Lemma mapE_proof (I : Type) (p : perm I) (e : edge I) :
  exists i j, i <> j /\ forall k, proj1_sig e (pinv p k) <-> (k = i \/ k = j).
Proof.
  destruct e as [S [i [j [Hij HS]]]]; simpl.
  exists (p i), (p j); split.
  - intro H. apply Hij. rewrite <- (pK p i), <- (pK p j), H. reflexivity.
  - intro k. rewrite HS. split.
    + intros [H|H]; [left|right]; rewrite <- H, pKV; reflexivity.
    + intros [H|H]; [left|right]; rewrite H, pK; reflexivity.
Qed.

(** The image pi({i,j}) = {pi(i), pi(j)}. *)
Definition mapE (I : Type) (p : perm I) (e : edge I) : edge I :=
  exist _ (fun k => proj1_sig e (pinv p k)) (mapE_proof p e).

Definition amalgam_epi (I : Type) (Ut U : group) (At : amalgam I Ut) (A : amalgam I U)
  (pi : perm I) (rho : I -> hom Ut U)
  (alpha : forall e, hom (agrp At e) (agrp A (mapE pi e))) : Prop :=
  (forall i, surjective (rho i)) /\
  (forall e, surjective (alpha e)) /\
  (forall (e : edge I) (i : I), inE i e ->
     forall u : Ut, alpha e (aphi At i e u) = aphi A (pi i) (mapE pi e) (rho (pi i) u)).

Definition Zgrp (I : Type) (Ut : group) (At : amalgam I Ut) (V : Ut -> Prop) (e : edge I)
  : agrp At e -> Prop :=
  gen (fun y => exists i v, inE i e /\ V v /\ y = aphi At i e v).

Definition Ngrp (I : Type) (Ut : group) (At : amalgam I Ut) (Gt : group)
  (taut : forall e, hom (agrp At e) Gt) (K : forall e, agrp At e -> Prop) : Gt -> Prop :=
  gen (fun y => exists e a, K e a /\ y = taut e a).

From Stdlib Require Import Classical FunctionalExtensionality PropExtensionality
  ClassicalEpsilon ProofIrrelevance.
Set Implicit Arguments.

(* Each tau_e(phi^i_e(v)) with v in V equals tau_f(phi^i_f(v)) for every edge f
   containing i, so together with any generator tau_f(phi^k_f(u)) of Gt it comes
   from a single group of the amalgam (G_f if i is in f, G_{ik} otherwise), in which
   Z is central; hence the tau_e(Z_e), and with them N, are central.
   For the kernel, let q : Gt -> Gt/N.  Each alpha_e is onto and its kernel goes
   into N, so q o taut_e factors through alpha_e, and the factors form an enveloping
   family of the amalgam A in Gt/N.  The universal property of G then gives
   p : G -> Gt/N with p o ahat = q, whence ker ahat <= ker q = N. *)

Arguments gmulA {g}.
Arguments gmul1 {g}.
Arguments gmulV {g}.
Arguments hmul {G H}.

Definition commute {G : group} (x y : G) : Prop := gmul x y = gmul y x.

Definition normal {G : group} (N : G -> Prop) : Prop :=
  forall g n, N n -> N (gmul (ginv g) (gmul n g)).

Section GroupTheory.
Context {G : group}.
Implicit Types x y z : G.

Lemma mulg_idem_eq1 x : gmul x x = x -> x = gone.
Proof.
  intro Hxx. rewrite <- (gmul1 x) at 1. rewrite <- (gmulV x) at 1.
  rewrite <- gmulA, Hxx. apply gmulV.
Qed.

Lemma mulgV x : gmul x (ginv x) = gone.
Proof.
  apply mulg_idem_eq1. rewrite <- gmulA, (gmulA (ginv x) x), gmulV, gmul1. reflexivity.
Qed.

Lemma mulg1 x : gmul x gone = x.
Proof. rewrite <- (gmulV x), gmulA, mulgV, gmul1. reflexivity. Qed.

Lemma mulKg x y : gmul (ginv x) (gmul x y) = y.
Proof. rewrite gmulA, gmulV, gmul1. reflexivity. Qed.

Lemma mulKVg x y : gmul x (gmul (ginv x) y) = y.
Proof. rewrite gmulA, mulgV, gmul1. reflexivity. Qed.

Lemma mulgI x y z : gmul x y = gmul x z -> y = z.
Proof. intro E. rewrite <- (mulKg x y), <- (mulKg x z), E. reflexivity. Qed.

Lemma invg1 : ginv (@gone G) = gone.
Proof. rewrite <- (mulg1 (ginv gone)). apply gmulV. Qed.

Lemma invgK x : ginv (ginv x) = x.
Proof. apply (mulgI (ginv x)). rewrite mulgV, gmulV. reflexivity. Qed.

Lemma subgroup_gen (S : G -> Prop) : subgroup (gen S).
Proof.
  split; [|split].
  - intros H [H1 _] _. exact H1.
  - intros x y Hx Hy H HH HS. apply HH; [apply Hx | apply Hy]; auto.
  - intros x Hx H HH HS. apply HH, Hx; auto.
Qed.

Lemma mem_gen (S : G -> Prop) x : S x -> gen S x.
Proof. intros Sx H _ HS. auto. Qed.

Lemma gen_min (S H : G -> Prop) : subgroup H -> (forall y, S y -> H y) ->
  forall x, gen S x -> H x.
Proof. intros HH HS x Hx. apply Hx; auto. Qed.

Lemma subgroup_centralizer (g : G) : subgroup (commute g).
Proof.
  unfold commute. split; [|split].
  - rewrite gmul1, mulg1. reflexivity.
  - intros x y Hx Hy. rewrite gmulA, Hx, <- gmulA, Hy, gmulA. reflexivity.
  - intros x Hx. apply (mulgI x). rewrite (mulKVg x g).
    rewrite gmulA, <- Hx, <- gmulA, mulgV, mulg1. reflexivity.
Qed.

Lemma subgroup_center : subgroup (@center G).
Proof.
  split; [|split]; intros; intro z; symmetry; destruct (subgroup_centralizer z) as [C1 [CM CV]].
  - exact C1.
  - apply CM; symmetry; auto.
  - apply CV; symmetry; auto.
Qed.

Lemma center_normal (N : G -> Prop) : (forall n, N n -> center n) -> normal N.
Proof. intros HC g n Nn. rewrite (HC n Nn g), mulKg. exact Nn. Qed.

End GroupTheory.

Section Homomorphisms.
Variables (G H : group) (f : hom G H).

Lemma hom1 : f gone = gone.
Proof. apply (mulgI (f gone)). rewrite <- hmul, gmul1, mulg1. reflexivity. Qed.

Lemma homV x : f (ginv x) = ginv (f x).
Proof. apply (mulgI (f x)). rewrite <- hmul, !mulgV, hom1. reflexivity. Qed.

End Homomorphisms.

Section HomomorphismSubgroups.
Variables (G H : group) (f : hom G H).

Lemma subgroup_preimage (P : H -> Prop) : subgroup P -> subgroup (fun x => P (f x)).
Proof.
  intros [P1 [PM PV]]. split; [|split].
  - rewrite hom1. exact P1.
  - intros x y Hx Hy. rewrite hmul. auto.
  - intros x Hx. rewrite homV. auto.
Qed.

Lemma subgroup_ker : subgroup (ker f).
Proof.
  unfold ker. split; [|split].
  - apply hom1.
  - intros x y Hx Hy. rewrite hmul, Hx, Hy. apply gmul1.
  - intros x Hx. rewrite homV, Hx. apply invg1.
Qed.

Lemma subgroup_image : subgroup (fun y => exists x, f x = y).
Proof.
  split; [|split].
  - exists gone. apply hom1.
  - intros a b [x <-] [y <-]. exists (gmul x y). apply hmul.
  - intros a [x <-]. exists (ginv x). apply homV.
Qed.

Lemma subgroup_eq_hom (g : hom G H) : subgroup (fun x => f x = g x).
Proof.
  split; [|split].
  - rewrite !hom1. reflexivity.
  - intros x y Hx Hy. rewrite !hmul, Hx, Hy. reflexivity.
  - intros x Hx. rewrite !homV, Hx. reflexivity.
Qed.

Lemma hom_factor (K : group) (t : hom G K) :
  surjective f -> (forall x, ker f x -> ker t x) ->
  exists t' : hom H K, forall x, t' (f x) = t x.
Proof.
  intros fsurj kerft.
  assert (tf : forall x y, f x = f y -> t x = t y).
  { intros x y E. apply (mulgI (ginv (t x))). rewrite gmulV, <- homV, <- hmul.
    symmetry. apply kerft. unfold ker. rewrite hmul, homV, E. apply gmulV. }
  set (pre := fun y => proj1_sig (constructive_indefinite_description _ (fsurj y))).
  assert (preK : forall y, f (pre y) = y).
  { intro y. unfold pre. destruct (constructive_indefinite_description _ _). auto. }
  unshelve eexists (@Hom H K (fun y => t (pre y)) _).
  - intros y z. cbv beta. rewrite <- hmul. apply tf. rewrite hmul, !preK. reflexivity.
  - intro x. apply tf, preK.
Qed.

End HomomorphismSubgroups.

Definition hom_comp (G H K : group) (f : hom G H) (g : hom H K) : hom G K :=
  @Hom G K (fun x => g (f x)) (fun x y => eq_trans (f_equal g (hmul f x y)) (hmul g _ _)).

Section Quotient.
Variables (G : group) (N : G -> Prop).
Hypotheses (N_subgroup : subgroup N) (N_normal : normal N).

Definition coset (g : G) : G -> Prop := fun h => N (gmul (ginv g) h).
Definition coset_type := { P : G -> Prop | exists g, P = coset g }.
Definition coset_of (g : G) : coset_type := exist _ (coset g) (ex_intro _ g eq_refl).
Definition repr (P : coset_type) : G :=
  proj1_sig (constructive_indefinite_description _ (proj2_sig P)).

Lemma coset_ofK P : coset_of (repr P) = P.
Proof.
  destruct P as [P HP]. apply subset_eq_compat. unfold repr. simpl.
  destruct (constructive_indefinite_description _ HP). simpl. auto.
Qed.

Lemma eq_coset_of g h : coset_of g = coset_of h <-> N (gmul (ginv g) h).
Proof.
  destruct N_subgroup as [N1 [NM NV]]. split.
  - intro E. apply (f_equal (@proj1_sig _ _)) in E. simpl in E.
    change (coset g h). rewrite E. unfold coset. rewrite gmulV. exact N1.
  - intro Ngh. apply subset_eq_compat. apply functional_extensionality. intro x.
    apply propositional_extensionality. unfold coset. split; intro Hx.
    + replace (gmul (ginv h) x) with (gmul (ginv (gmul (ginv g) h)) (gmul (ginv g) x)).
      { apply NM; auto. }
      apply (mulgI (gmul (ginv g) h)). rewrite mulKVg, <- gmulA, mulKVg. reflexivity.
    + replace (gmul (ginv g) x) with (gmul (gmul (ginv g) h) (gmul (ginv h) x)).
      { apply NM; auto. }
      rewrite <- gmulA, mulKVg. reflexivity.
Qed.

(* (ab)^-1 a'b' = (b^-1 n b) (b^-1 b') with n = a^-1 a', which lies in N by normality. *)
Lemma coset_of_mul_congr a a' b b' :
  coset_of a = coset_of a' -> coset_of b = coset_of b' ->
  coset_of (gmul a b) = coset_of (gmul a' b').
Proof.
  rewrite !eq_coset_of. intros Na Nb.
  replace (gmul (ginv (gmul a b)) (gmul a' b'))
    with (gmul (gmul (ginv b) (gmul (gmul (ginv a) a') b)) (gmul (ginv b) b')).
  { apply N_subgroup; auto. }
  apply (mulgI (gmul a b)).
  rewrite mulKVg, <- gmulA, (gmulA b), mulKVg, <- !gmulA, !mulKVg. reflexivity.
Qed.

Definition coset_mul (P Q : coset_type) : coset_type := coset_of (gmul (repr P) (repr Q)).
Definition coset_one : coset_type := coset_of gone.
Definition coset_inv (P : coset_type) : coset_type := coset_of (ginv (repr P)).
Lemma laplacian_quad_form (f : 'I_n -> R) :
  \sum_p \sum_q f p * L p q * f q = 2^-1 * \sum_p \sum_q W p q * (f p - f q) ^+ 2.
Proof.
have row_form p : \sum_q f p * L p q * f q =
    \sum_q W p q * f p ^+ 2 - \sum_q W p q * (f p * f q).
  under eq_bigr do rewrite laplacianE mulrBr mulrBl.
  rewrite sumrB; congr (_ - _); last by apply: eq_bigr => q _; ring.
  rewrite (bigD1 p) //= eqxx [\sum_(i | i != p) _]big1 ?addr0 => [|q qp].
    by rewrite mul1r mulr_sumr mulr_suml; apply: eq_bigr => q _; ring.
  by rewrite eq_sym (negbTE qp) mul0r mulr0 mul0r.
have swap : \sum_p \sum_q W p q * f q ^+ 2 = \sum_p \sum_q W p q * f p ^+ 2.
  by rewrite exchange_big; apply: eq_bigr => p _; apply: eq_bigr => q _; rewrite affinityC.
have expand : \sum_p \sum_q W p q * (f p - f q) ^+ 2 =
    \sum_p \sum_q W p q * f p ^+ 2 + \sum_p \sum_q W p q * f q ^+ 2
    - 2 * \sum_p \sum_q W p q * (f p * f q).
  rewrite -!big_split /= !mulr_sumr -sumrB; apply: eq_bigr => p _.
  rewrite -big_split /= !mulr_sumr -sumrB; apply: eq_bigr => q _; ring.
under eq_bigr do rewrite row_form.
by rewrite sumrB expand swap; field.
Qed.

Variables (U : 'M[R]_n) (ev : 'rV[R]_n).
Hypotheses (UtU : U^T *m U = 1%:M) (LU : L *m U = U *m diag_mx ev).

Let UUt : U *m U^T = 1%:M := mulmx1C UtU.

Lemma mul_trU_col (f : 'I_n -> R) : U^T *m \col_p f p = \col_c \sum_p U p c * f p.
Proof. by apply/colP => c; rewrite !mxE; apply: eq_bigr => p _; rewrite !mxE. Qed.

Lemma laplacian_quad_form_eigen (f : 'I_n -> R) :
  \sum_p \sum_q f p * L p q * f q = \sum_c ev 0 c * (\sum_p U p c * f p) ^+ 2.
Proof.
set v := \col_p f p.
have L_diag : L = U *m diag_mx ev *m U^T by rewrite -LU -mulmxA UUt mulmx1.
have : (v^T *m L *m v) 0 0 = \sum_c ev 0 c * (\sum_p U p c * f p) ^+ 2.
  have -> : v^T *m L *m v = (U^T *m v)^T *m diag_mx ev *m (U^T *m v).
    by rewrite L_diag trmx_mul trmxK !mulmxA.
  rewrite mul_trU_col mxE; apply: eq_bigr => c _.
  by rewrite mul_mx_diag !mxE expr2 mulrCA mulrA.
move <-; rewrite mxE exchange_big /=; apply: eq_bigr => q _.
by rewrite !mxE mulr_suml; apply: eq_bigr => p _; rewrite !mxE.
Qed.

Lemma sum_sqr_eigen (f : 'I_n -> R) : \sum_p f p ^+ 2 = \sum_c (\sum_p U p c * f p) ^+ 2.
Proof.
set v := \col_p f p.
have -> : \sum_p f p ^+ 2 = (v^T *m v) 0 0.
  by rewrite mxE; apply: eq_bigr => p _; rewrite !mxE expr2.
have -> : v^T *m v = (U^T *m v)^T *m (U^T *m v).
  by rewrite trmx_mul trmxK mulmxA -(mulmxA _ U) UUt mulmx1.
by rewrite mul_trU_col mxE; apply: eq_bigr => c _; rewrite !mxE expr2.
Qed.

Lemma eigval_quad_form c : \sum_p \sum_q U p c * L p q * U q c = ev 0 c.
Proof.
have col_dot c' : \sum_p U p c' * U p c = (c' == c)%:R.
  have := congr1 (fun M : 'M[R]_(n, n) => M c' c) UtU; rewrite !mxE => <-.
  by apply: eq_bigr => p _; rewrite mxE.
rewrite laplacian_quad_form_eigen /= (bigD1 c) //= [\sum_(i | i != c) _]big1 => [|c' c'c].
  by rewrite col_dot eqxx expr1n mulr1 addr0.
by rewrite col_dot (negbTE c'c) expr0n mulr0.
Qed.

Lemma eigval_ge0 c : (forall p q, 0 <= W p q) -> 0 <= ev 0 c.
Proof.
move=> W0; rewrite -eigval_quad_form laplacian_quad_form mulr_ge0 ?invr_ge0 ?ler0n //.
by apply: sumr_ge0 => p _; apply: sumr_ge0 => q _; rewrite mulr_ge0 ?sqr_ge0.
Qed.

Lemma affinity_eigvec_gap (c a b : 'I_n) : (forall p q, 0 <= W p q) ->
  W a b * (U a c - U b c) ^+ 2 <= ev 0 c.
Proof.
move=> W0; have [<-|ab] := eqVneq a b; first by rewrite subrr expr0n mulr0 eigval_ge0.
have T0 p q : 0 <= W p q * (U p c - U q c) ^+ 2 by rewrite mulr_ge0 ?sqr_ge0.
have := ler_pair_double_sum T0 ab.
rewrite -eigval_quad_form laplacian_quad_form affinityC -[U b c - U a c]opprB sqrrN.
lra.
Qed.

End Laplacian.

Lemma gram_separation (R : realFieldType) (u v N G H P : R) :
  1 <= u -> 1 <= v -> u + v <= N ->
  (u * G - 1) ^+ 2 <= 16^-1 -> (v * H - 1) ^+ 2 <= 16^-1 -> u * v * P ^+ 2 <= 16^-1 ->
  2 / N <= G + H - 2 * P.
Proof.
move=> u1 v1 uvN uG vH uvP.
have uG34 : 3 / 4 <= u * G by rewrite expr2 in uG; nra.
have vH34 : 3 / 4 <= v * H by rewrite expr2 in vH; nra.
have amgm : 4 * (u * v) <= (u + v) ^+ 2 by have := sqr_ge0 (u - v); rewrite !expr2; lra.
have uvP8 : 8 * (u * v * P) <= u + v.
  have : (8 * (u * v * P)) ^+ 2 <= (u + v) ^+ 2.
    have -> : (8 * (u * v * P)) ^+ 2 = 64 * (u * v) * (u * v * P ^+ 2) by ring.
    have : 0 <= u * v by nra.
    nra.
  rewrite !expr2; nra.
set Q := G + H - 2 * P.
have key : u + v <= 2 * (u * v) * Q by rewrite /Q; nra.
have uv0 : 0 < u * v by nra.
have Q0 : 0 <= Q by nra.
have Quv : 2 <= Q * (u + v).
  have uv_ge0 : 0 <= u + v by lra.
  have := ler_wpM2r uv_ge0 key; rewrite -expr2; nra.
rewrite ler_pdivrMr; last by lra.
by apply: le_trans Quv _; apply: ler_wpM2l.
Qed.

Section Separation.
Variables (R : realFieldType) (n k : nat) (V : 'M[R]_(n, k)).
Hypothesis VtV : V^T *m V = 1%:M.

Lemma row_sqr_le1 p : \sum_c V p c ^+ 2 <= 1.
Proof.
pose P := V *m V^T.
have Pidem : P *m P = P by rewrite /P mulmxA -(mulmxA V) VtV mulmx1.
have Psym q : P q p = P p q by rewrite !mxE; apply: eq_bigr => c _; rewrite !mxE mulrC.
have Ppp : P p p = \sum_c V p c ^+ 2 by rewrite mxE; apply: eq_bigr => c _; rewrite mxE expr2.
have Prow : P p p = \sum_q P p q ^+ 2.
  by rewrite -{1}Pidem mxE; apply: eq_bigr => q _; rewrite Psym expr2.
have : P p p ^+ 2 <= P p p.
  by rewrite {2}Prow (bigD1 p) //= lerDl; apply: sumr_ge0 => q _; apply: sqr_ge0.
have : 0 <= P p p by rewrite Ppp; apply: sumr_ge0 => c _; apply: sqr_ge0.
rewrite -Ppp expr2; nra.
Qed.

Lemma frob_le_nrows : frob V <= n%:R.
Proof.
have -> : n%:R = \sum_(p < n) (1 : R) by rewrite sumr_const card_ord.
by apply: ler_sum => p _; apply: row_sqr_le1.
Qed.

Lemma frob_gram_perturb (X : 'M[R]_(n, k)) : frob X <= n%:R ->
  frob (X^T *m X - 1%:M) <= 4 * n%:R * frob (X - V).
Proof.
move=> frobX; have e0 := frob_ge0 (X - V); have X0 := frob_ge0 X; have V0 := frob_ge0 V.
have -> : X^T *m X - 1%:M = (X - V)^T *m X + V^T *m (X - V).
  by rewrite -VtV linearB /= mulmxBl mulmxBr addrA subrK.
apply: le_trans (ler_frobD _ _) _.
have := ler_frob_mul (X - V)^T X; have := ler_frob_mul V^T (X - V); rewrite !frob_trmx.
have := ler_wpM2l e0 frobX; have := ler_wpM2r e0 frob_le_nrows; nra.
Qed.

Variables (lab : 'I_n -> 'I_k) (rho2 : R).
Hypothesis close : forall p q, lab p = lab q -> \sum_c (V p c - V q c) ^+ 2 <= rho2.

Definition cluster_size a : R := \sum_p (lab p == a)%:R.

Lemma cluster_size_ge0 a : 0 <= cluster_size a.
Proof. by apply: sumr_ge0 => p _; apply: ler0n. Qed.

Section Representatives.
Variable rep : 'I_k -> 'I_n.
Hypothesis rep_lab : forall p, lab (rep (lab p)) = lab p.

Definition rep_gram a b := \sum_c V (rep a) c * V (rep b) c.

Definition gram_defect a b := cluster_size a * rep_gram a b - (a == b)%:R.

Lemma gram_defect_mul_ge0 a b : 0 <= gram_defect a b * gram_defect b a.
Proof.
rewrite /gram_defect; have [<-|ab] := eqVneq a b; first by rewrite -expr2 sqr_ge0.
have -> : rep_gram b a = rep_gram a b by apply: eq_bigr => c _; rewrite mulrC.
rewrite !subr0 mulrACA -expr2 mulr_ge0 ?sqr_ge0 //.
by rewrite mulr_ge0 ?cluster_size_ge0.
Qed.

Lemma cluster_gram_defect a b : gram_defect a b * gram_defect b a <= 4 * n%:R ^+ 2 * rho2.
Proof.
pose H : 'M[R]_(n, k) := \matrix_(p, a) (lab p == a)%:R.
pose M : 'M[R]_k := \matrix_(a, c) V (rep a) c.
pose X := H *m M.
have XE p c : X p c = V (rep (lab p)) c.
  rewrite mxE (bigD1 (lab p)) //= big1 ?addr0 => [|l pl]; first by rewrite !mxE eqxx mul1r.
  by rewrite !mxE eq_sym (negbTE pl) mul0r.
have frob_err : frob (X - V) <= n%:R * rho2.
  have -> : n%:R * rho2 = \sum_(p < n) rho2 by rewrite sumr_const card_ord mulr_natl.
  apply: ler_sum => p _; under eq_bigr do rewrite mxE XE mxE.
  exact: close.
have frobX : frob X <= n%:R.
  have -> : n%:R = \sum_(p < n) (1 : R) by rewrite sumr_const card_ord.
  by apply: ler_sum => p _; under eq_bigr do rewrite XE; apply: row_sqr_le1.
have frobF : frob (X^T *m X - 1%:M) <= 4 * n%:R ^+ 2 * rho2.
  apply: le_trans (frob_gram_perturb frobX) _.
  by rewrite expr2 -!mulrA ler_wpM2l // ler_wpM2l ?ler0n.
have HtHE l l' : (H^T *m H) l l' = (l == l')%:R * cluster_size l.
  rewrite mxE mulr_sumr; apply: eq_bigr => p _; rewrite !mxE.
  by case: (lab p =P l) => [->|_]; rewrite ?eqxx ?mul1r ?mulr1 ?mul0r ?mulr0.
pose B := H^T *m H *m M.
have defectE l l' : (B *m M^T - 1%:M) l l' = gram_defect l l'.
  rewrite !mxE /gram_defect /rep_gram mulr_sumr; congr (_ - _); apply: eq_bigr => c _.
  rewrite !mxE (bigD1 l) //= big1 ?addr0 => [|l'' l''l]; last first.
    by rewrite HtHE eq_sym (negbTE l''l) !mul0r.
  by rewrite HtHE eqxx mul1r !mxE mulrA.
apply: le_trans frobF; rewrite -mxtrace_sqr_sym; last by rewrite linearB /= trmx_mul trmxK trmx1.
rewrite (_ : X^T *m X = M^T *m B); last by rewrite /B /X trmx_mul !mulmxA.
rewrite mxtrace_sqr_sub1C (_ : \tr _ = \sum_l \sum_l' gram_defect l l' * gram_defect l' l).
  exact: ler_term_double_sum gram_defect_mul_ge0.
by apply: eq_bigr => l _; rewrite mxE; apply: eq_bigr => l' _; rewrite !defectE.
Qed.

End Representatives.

__Brief__. Please return every line of the material above that includes "gmulA".

__Exercise solution__.
Arguments gmulA {g}.
  rewrite <- gmulA, Hxx. apply gmulV.
  apply mulg_idem_eq1. rewrite <- gmulA, (gmulA (ginv x) x), gmulV, gmul1. reflexivity.
Proof. rewrite <- (gmulV x), gmulA, mulgV, gmul1. reflexivity. Qed.
Proof. rewrite gmulA, gmulV, gmul1. reflexivity. Qed.
Proof. rewrite gmulA, mulgV, gmul1. reflexivity. Qed.
  - intros x y Hx Hy. rewrite gmulA, Hx, <- gmulA, Hy, gmulA. reflexivity.
    rewrite gmulA, <- Hx, <- gmulA, mulgV, mulg1. reflexivity.
      apply (mulgI (gmul (ginv g) h)). rewrite mulKVg, <- gmulA, mulKVg. reflexivity.
      rewrite <- gmulA, mulKVg. reflexivity.
  rewrite mulKVg, <- gmulA, (gmulA b), mulKVg, <- !gmulA, !mulKVg. reflexivity.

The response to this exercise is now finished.